>>>>

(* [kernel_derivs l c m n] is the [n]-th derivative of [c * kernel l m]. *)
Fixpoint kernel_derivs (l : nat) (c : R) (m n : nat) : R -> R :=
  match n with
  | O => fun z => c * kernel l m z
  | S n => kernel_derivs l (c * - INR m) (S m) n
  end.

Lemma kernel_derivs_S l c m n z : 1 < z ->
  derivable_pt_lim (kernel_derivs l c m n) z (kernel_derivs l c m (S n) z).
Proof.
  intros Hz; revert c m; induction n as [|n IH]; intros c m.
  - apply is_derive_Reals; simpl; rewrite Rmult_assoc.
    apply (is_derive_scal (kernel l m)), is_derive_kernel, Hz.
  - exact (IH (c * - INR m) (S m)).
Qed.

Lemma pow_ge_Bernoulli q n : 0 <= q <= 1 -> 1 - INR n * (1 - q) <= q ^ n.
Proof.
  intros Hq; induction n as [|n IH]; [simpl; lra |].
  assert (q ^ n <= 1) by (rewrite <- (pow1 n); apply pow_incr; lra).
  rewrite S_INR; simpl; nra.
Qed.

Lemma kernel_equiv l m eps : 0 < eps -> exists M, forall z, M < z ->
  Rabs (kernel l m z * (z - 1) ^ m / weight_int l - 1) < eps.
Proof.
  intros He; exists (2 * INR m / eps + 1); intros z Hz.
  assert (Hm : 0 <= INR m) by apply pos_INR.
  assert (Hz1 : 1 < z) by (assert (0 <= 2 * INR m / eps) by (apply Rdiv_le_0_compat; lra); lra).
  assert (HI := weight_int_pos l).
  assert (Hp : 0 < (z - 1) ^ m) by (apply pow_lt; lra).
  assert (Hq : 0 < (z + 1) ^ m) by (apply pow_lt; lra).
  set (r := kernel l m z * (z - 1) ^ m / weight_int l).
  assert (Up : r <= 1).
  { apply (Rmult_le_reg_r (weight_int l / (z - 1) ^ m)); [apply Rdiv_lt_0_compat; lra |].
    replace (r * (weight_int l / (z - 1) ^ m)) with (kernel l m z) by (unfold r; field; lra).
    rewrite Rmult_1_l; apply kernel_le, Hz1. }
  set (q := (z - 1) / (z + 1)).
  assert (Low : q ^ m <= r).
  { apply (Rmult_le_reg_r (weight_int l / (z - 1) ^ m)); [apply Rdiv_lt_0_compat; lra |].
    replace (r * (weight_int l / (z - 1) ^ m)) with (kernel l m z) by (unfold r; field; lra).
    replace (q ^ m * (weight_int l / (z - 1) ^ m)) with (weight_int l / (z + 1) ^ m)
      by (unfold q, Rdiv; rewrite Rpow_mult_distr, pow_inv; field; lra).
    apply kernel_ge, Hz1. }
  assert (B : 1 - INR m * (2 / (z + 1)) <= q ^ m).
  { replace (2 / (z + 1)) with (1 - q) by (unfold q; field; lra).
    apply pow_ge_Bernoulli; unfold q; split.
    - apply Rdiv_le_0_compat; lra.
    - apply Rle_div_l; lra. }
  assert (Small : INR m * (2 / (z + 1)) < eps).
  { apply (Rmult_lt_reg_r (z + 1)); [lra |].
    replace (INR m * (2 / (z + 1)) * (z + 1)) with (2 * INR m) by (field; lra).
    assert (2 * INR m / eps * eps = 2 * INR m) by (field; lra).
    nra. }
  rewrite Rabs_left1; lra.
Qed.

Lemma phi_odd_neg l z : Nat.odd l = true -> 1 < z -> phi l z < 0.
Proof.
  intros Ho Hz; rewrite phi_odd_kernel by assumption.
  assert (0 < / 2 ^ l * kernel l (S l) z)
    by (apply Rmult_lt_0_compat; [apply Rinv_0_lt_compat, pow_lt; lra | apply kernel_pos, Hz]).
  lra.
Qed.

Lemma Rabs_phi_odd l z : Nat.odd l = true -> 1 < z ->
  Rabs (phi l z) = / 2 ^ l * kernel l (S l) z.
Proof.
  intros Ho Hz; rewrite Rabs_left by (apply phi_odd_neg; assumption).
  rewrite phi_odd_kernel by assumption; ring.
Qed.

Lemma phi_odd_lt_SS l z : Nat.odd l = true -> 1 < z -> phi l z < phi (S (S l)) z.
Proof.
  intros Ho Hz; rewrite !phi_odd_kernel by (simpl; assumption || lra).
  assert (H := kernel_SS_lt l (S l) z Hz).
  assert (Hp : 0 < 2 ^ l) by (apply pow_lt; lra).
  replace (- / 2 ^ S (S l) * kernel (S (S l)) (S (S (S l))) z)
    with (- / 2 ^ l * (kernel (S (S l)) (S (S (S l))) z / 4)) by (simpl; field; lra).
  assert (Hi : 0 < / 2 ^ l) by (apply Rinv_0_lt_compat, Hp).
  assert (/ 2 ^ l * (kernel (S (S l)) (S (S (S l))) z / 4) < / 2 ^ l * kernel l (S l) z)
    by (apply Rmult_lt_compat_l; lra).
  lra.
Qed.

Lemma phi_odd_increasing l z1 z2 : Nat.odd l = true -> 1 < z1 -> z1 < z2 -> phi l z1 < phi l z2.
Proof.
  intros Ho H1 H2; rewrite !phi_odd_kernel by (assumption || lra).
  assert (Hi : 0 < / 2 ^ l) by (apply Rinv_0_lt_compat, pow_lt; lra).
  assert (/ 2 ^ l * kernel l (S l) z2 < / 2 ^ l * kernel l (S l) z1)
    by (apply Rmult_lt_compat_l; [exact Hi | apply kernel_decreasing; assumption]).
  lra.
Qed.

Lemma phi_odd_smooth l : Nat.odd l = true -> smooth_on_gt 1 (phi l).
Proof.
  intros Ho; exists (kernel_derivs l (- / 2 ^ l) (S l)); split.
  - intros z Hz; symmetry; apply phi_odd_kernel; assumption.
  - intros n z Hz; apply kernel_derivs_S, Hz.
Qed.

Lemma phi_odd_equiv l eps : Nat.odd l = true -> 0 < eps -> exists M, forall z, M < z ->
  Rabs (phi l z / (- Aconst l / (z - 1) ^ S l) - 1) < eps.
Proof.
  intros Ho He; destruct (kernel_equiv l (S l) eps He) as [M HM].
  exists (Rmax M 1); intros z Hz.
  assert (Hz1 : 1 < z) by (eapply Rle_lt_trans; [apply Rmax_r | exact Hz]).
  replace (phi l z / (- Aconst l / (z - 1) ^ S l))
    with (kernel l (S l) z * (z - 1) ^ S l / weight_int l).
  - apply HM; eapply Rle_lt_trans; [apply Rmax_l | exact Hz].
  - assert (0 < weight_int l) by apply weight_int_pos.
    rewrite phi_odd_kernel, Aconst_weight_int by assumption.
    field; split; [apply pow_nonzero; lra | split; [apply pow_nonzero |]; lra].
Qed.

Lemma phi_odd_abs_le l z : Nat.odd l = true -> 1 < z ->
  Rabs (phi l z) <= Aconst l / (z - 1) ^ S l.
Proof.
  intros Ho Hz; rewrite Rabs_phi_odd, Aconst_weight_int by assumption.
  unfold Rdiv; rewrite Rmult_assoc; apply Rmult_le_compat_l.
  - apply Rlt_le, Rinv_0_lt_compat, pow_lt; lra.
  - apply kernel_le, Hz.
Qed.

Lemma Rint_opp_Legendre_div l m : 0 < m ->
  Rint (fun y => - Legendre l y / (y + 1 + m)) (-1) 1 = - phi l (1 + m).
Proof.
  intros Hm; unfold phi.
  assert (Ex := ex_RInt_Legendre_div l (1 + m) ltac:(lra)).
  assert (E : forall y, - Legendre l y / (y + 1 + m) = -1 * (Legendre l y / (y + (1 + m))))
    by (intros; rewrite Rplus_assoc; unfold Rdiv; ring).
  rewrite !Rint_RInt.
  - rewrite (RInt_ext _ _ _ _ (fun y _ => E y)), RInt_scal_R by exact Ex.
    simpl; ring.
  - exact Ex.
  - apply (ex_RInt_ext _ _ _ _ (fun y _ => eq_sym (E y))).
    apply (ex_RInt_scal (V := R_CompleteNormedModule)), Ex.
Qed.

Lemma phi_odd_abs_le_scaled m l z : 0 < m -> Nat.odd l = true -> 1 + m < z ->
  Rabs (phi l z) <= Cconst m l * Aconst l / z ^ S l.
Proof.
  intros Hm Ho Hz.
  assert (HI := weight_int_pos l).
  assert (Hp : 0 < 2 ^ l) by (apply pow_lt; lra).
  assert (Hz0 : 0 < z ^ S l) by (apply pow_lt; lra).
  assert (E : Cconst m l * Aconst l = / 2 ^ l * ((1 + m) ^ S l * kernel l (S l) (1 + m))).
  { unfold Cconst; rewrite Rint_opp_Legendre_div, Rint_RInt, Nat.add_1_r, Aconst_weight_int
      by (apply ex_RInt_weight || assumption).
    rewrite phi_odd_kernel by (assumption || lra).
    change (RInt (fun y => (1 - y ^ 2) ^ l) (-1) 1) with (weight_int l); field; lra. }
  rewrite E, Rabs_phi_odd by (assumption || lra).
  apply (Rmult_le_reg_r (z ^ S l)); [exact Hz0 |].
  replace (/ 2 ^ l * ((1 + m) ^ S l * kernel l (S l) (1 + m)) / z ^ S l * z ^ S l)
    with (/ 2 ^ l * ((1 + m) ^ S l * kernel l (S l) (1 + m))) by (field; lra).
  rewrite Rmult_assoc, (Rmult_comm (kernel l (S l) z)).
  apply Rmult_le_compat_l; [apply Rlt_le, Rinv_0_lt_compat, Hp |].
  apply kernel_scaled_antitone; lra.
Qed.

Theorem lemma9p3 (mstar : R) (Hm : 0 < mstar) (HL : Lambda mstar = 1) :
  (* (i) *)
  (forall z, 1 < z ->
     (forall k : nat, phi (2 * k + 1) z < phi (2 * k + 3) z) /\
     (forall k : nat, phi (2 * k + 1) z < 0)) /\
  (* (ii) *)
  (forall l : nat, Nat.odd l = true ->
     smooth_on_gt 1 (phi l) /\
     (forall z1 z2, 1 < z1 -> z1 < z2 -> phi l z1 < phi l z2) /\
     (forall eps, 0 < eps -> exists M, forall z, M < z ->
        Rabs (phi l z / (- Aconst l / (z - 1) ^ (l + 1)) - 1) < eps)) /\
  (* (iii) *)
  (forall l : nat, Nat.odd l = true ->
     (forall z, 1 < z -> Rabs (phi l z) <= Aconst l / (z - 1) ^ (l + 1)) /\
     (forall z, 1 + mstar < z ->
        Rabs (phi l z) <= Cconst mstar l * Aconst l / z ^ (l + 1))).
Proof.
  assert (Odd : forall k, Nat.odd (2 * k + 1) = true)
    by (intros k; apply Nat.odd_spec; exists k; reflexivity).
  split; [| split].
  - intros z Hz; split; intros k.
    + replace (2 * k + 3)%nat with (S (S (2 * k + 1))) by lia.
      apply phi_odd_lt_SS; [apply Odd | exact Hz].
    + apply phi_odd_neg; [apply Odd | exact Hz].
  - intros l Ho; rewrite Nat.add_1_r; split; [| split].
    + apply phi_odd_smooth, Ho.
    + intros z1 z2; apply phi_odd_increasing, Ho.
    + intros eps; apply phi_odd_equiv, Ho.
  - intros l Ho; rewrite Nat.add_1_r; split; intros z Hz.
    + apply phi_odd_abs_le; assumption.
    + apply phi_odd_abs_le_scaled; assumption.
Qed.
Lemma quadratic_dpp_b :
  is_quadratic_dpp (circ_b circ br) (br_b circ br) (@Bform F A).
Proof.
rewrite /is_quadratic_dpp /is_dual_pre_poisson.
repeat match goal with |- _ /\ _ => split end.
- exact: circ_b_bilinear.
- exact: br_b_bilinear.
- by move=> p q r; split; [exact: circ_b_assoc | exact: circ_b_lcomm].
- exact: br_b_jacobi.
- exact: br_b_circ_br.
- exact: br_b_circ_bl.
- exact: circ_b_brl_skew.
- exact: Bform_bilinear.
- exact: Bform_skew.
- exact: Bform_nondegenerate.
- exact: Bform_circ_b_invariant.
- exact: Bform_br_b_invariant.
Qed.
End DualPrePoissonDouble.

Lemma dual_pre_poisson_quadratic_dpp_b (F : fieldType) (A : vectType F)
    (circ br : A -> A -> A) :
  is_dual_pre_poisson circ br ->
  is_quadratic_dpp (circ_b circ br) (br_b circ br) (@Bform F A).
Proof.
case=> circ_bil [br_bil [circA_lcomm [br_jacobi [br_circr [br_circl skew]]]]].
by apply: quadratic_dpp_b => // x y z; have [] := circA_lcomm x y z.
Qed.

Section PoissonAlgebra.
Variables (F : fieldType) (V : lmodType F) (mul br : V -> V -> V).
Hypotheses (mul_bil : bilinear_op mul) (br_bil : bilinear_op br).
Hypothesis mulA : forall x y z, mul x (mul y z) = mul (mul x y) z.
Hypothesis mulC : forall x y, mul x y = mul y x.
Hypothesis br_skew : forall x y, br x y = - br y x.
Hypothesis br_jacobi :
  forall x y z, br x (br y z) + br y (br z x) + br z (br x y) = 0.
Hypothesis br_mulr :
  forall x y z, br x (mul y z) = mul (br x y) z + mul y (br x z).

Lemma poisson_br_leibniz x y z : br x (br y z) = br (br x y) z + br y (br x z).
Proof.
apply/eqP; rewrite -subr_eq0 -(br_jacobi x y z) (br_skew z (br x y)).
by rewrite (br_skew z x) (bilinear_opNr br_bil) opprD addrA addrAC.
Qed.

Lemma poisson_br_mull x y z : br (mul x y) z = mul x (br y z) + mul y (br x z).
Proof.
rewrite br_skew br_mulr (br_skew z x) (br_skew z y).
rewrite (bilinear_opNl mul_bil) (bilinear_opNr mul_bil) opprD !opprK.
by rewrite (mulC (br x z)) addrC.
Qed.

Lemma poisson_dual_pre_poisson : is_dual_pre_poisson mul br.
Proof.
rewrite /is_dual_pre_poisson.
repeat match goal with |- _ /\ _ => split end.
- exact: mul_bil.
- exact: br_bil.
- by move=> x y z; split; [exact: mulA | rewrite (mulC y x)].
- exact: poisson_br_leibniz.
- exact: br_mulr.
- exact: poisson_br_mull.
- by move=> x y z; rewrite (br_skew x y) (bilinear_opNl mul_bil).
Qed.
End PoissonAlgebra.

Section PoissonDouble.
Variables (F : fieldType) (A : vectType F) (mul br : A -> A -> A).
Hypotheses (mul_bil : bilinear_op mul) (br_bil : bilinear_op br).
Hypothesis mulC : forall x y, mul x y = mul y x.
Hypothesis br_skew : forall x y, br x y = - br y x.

<<<<

▸ **PROBLEM DESCRIPTION**:
Start with the line above that contains "apply phi_odd_smooth, Ho." and end with the line that contains "- exact: br_b_bilinear.". Write out those lines exactly, and only those.

▸ **FINISHED EXERCISE**:
    + apply phi_odd_smooth, Ho.
    + intros z1 z2; apply phi_odd_increasing, Ho.
    + intros eps; apply phi_odd_equiv, Ho.
  - intros l Ho; rewrite Nat.add_1_r; split; intros z Hz.
    + apply phi_odd_abs_le; assumption.
    + apply phi_odd_abs_le_scaled; assumption.
Qed.
Lemma quadratic_dpp_b :
  is_quadratic_dpp (circ_b circ br) (br_b circ br) (@Bform F A).
Proof.
rewrite /is_quadratic_dpp /is_dual_pre_poisson.
repeat match goal with |- _ /\ _ => split end.
- exact: circ_b_bilinear.
- exact: br_b_bilinear.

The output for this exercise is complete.